Supplied material section start
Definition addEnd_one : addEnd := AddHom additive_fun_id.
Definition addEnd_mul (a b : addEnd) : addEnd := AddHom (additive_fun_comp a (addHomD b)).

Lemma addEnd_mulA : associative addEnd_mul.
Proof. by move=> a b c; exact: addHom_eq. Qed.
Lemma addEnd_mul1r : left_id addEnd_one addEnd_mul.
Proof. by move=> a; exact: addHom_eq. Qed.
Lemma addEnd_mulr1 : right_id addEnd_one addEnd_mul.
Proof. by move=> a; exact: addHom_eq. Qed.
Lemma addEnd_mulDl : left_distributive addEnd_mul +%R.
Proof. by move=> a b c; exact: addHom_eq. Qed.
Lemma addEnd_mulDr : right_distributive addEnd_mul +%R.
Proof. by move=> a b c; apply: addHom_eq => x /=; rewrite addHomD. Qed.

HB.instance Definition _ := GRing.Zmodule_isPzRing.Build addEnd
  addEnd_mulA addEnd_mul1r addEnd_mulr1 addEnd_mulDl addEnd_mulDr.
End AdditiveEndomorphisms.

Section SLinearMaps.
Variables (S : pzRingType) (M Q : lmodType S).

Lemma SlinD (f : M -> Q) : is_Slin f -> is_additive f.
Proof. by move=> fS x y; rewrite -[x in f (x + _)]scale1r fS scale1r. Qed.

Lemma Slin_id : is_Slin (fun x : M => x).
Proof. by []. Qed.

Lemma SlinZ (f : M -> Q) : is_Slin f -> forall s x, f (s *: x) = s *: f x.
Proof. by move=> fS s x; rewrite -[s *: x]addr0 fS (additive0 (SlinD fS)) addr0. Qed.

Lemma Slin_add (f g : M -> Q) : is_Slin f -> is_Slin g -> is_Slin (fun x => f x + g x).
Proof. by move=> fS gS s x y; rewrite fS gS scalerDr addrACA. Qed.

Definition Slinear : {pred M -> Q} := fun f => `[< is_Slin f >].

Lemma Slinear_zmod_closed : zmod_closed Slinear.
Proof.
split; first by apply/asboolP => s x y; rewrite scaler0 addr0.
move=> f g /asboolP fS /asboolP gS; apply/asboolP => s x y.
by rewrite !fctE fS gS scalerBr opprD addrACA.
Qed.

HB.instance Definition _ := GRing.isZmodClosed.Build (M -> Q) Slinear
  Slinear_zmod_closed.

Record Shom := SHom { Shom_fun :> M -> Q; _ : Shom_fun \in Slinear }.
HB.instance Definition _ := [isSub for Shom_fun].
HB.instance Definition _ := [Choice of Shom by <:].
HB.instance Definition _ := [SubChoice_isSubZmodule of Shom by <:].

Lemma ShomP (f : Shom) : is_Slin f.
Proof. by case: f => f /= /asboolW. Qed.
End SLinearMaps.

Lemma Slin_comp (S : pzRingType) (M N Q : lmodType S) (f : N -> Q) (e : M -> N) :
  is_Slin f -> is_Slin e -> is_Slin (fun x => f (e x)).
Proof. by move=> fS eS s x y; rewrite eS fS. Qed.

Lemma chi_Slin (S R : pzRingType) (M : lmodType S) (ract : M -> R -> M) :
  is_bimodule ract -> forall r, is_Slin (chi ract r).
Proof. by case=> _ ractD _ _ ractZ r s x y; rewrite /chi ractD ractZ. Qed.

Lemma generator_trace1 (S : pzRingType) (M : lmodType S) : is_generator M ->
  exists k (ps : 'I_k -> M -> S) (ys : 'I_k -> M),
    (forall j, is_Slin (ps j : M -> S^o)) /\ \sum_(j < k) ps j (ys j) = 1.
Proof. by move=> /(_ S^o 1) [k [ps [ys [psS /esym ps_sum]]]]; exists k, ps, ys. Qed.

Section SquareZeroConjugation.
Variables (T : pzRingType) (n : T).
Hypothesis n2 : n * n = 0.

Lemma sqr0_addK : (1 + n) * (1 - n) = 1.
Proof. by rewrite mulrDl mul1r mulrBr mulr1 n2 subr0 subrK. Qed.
Supplied material section end
> What the task requires
Search the records for the word "addrACA" and copy out every line that holds it.

> Response
Proof. by move=> fS gS s x y; rewrite fS gS scalerDr addrACA. Qed.
by rewrite !fctE fS gS scalerBr opprD addrACA.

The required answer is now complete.